The information in this document was created from the devices in a specific lab environment. All of the devices used in this document started with a cleared (default) configuration. If your network is live, make sure that you understand the potential impact of any command.
Conventions
Refer to Cisco Technical Tips Conventions for more information on document conventions.
Background Information
Before you look at the CPU packet-handling architecture and troubleshoot high CPU utilization, you must understand the different ways in which hardware-based forwarding switches and Cisco IOSĀ® Software-based routers use the CPU. The common misconception is that high CPU utilization indicates the depletion of resources on a device and the threat of a crash.
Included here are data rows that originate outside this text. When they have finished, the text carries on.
(* $\mathbb{P}(\mathsf{FDqRA})=\mathsf{EDqRA}$ (up to isomorphism): every algebra in $\mathsf{EDqRA}$ is isomorphic to a direct product of algebras in $\mathsf{FDqRA}$, and every direct product of a family of algebras in $\mathsf{FDqRA}$ is isomorphic to an algebra in $\mathsf{EDqRA}$.
   Context: For binary relations: converse $R^\smile$; composition $R\circ S=\{(x,y)\mid\exists z\,((x,z)\in R,(z,y)\in S)\}$; functions are identified with their graphs. Order automorphism: bijection with $x\le y\iff\alpha(x)\le\alpha(y)$; dual order automorphism: bijection with $x\le y\iff\beta(y)\le\beta(x)$; self-inverse: $\beta\circ\beta=\mathrm{id}$. Let $(X,\le)$ be a poset, $E$ an equivalence relation on $X$ with ${\le}\subseteq E$, $\alpha$ an order automorphism and $\beta$ a self-inverse dual order automorphism of $(X,\le)$ with $\alpha,\beta\subseteq E$ and $\beta=\alpha\circ\beta\circ\alpha$. Order $E$ by $(u,v)\preceq(x,y)$ iff $x\le u$ and $v\le y$, write $\mathbf E=(E,\preceq)$, and let $R^c=E\setminus R$. Then $\mathbf{Dq}(\mathbf E)=\langle\mathsf{Up}(\mathbf E),\cap,\cup,\circ,1,0,{\sim},-,'\rangle$ is the algebra of up-sets of $\mathbf E$ with $1={\le}$, $0=\alpha\circ({\le}^c)^\smile$, ${\sim}R=(R^\smile\circ0^c)^c$, $-R=(0^c\circ R^\smile)^c$, $R'=\alpha\circ\beta\circ R^c\circ\beta$. $\mathsf{EDqRA}$ is the class of all such algebras $\mathbf{Dq}(\mathbf E)$ (equivalence distributive quasi relation algebras); $\mathsf{FDqRA}$ is the class of those with $E=X^2$ (full distributive quasi relation algebras). $\mathbb{P}(\mathsf K)$ denotes the class of direct products of families of members of $\mathsf K$. *)

Definition rel (X : Type) : Type := X -> X -> Prop.

Definition conv {X : Type} (R : rel X) : rel X := fun x y => R y x.
Definition rcomp {X : Type} (R S : rel X) : rel X :=
  fun x y => exists z, R x z /\ S z y.
Definition graph {X : Type} (f : X -> X) : rel X := fun x y => f x = y.
Definition idrel {X : Type} : rel X := fun x y => x = y.
Definition rcompl {X : Type} (E R : rel X) : rel X := fun x y => E x y /\ ~ R x y.
Definition rmeet {X : Type} (R S : rel X) : rel X := fun x y => R x y /\ S x y.
Definition rjoin {X : Type} (R S : rel X) : rel X := fun x y => R x y \/ S x y.
Definition fullrel {X : Type} : rel X := fun _ _ => True.
Definition subrel {X : Type} (R S : rel X) : Prop := forall x y, R x y -> S x y.
Definition releq {X : Type} (R S : rel X) : Prop := forall x y, R x y <-> S x y.

Definition is_poset {X : Type} (le : rel X) : Prop :=
  (forall x, le x x) /\
  (forall x y, le x y -> le y x -> x = y) /\
  (forall x y z, le x y -> le y z -> le x z).

Definition is_equivalence {X : Type} (E : rel X) : Prop :=
  (forall x, E x x) /\
  (forall x y, E x y -> E y x) /\
  (forall x y z, E x y -> E y z -> E x z).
A capacity issue is one of the symptoms of high CPU utilization on Cisco IOS routers. However, a capacity issue is almost never a symptom of high CPU utilization with hardware-based forwarding switches.
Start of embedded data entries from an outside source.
Lemma step_pivot_form : (0 < r)%N -> pivot_form r.+1 step_matrix step_pivots.
Proof.
move=> r_gt0.
have new_band a c : (a, c) \in new_primary M P r -> (a + r)%N = c.
  by rewrite inE /= => /andP[/and3P[/eqP]].
have new_free a c : (a, c) \in new_primary M P r -> ~~ col_has_pivot P c.
  by rewrite inE /= => /andP[/and3P[]].
have new_no_row a c : (a, c) \in new_primary M P r -> ~~ row_has_pivot P a.
  by rewrite inE /= => /andP[].
split.
- move=> a c /setUP[/(pivot_band pf)[lt_ac lt_c]|/new_band <-].
    by split; rewrite // addnS ltnW.
  by split; rewrite ?addnS // -{1}[a : nat]addn0 ltn_add2l.
- move=> a c c' /setUP[ac_P|ac_new] /setUP[ac'_P|ac'_new].
  + exact: (pivot_row_uniq pf ac_P ac'_P).
  + by case/existsP: (new_no_row _ _ ac'_new); exists c.
  + by case/existsP: (new_no_row _ _ ac_new); exists c'.
  + by apply: val_inj; rewrite /= -(new_band _ _ ac_new) -(new_band _ _ ac'_new).
- move=> a a' c /setUP[ac_P|ac_new] /setUP[a'c_P|a'c_new].
  + exact: (pivot_col_uniq pf ac_P a'c_P).
  + by case/existsP: (new_free _ _ a'c_new); exists a.
  + by case/existsP: (new_free _ _ ac_new); exists a'.
  + apply/val_inj/eqP; rewrite -(eqn_add2r r).
    by rewrite (new_band _ _ ac_new) (new_band _ _ a'c_new).
- move=> a c ac_P'; rewrite (step_pivot_col ac_P') //.
  case/setUP: ac_P' => [/(pivot_neq0 pf)//|]; by rewrite inE /= => /andP[/and3P[]].
- move=> a c b ac_P' lt_ab.
  by rewrite (step_pivot_col ac_P' (ltnW lt_ab)) (below_step_pivot0 ac_P').
- exact: step_free_col0.
Qed.

End Step.

Section States.
Variables (m b : nat) (d : 'I_m -> 'I_b.+1) (D : 'M[rat]_m).
Hypothesis D_conn : connection_matrix d D.

Lemma isa_state_pivot_form n : pivot_form n.+1 (isa_state D n).1 (isa_state D n).2.
Proof.
elim: n => [|n IHn]; first exact: connection_pivot_form D_conn.
rewrite [isa_state D n.+1]/=; case: (isa_state D n) IHn => M P pf.
by rewrite isa_stepE //; apply: step_pivot_form.
Qed.

Lemma isa_state_equiv n : unitriangular_equiv D (isa_state D n).1.
Proof.
elim: n => [|n IHn].
  by exists 1%:M, 1%:M; split; rewrite ?mul1mx ?mulmx1 //; apply: unitriangular1.
have := isa_state_pivot_form n; rewrite [isa_state D n.+1]/=.
case: (isa_state D n) IHn => M P D_M pf.
by rewrite isa_stepE //; apply: unitriangular_equiv_trans D_M (step_unitriangular_equiv _).
Qed.

End States.

Section PivotMinors.
Variables (m : nat) (D S M S' : 'M[rat]_m) (P : {set 'I_m * 'I_m}).
Hypotheses (S_ut : unitriangular S) (S'_ut : unitriangular S').
Hypothesis DE : D = S *m M *m S'.
Hypothesis pf : pivot_form m M P.

Definition pivot_row (c : 'I_m) : 'I_m :=
  if [pick a | (a, c) \in P] is Some a then a else c.

Lemma pivot_rowE a c : (a, c) \in P -> pivot_row c = a.
Proof.
move=> ac_P; rewrite /pivot_row; case: pickP => [a' a'c_P | /(_ a)]; last by rewrite ac_P.
exact: (pivot_col_uniq pf a'c_P ac_P).
Qed.

Definition pivot_cols (lo hi : nat) : {set 'I_m} :=
  [set c | [exists a, [&& (a, c) \in P, (lo <= a)%N & (c < hi)%N]]].

Lemma pivot_colsP lo hi c :
  reflect (exists a, [/\ (a, c) \in P, (lo <= a)%N & (c < hi)%N]) (c \in pivot_cols lo hi).
Proof.
rewrite inE; apply: (iffP existsP) => -[a].
  by case/and3P => ac_P le_la lt_ch; exists a.
by case=> ac_P le_la lt_ch; exists a; rewrite ac_P le_la lt_ch.
Qed.

Lemma final_free_col0 (c b : 'I_m) : ~~ col_has_pivot P c -> M b c = 0.
Proof. by move=> free_c; apply: (free_col0 pf free_c); rewrite ltn_addl. Qed.

Lemma SM_pivot a c : (a, c) \in P -> (S *m M) a c = M a c.
Proof.
move=> ac_P; rewrite mxE (bigD1 a) //= (proj2 S_ut) mul1r big1 ?addr0 // => x x_neq_a.
case: (ltngtP x a) => [/(proj1 S_ut)->|lt_ax|/val_inj eq_xa]; first by rewrite mul0r.
  by rewrite (below_pivot0 pf ac_P lt_ax) mulr0.
by rewrite eq_xa eqxx in x_neq_a.
Qed.

Lemma SM_below_pivot a c (x : 'I_m) : (a, c) \in P -> (a < x)%N -> (S *m M) x c = 0.
Proof.
move=> ac_P lt_ax; rewrite mxE big1 // => y _.
case: (ltnP y x) => [/(proj1 S_ut)->|le_xy]; first by rewrite mul0r.
by rewrite (below_pivot0 pf ac_P (leq_trans lt_ax le_xy)) mulr0.
Qed.

(* A column outside pivot_cols lo hi but left of hi either has no pivot or
   its pivot lies above row lo, so it vanishes from row lo on. *)
Lemma SM_outside lo hi (x c : 'I_m) : (lo <= x)%N -> c \notin pivot_cols lo hi ->
  (c < hi)%N -> (S *m M) x c = 0.
Proof.
move=> le_lx c_out lt_ch; rewrite mxE big1 // => y _.
case: (ltnP y x) => [/(proj1 S_ut)->|le_xy]; first by rewrite mul0r.
case: (boolP (col_has_pivot P c)) => [/existsP[a ac_P]|free_c]; last first.
  by rewrite final_free_col0 ?mulr0.
case: (ltnP a y) => [lt_ay|le_ya]; first by rewrite (below_pivot0 pf ac_P lt_ay) mulr0.
case/negP: c_out; apply/pivot_colsP; exists a; split=> //.
exact: leq_trans le_lx (leq_trans le_xy le_ya).
Qed.

Section Enumeration.
Variables (lo hi k : nat) (g : 'I_k -> 'I_m).
Hypothesis g_incr : {homo g : u v / (u < v)%N}.
Hypothesis g_im : g @: setT = pivot_cols lo hi.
The CPU utilization of 20% to 50% is normal on a Catalyst 3550 Switch, even under minimal load. CPU utilization does not reflect the total number of packets being switched or the total load on the switch. The CPU is responsible for the process of IP traffic (broadcast, telnet, SNMP) on the management VLAN, for the process of control packets Spanning-Tree Protocol (STP), Cisco Discovery Protocol (CDP), DDSN Transfer Protocol (DTP), Port Aggregation Protocol (PAgP), Link Aggregation Control Protocol (LACP), Unidirectional Link Detection (UDLD), address learning, routing protocols, port status and LED operations. If the CPU utilization is extremely high (around 90% - 99%), this does not directly affect the switching of data. However, high CPU utilization might start to affect protocols such as STPs. The CPU on the Catalyst 3550 is used for management purposes only. The CPU is not used to forward packets. This is handled by ASICs. The increase in the CPU utilization does not affect traffic forwarding.
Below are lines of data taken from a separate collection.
(* (i) Let $p_{1}, p_{2}, m, r \in \mathbb N$. Then \begin{align*} T(p_{1},p_{2},m,1,r,0) &=\sum_{i=2}^{m}\frac{(-1)^{m-i}}{r^{m-i+1}}S_{p_{1},p_{2},i}^{+,+,+} +\frac{(-1)^{m-1}}{r^{m}}\left(S_{p_{1},p_{2}+1}^{+,+}+S_{p_{2},p_{1}+1}^{+,+}\right) -\frac{(-1)^{m-1}}{r^{m}}\zeta(p_{1}+p_{2}+1)\\ &\quad +\frac{(-1)^{m-1}}{r^{m}}\sum_{b=1}^{r-1}S(p_{1},p_{2},1,b,0) +\frac{(-1)^{m-1}}{r^{m}}\left(\sum_{b=1}^{r-1}S(p_{2},p_{1},1,b,0) -\sum_{b=1}^{r-1}S(0,p_{1}+p_{2}+1,1,b,0)\right). \end{align*} (ii) Let $p_{1}, m, r \in \mathbb N$, $p_{2} \in \mathbb N_{0}$ with $m \geq p_{2}+2$. Then \begin{align*} T(p_{1},-p_{2},m,1,r,0)=\frac{1}{p_{2}+1}\sum_{\ell=0}^{p_{2}} \binom{p_{2}+1}{\ell}B_{\ell}^{+}S(p_{1},m-p_{2}-1+\ell,1,r,0)\,. \end{align*} (iii) Let $m, r \in \mathbb N$, $p_{1}, p_{2} \in \mathbb N_{0}$ with $m \geq p_{1}+p_{2}+3$. Then \begin{align*} T(-p_{1},-p_{2},m,1,r,0)=\frac{1}{(p_{1}+1)(p_{2}+1)}\sum_{\ell_{1}=0}^{p_{1}} \sum_{\ell_{2}=0}^{p_{2}} \binom{p_{1}+1}{\ell_{1}}\binom{p_{2}+1}{\ell_{2}}B_{\ell_{1}}^{+}B_{\ell_{2}}^{+}\,S(0,m-p_{1}-p_{2}-1+\ell_{1}+\ell_{2},1,r,0)\,. \end{align*}
   Context: $H_n^{(q)}=\sum_{j=1}^n j^{-q}$ for $q\in\mathbb N$; for an integer $q\ge0$, $H_n^{(-q)}=\sum_{\ell=1}^n\ell^q$ (so $H_n^{(0)}=n$). For $q,q_1,q_2\in\mathbb Z$ and $m,t,r\in\mathbb N$: $S(q,m,t,r,0):=\sum_{n=1}^\infty\frac{H_n^{(q)}}{n^{m}(n+r)^{t}}$ and $T(q_{1},q_{2},m,t,r,0):=\sum_{n=1}^\infty\frac{H_n^{(q_{1})}H_n^{(q_{2})}}{n^{m}(n+r)^{t}}$. $S_{p,q}^{+,+}:=\sum_{n\ge1} H_n^{(p)}/n^q$ and $S_{p_1,p_2,q}^{+,+,+}:=\sum_{n\ge1} H_n^{(p_1)}H_n^{(p_2)}/n^q$. Bernoulli numbers $B_j^{+}$: $\frac{x}{1-e^{-x}}=\sum_{j\ge0}B_j^{+}\frac{x^j}{j!}$. Empty sums are $0$. *)

From Stdlib Require Import Reals Lra Lia ZArith List.
From Coquelicot Require Import Coquelicot.
Open Scope R_scope.

(* Finite sum  sum_{k=a}^{b} f k  (empty, i.e. 0, when b < a). *)
Definition fsum (a b : nat) (f : nat -> R) : R :=
  fold_right Rplus 0 (map f (seq a (S b - a))).

Definition sum1 (f : nat -> R) : R := Series (fun k => f (S k)).
Definition ex_sum1 (f : nat -> R) : Prop := ex_series (fun k => f (S k)).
The first step to troubleshoot the high CPU utilization is to check the Cisco IOS version release notes of your Catalyst 3550 Switch for the possible known IOS bug. This way you can eliminate the IOS bug from your troubleshooting steps. Refer to Cisco Catalyst 3550 Series Switches Release Notes for a description of new features, system requirements, limitations, restrictions, caveats, and troubleshooting information for a particular software release for Catalyst 3550 Switches.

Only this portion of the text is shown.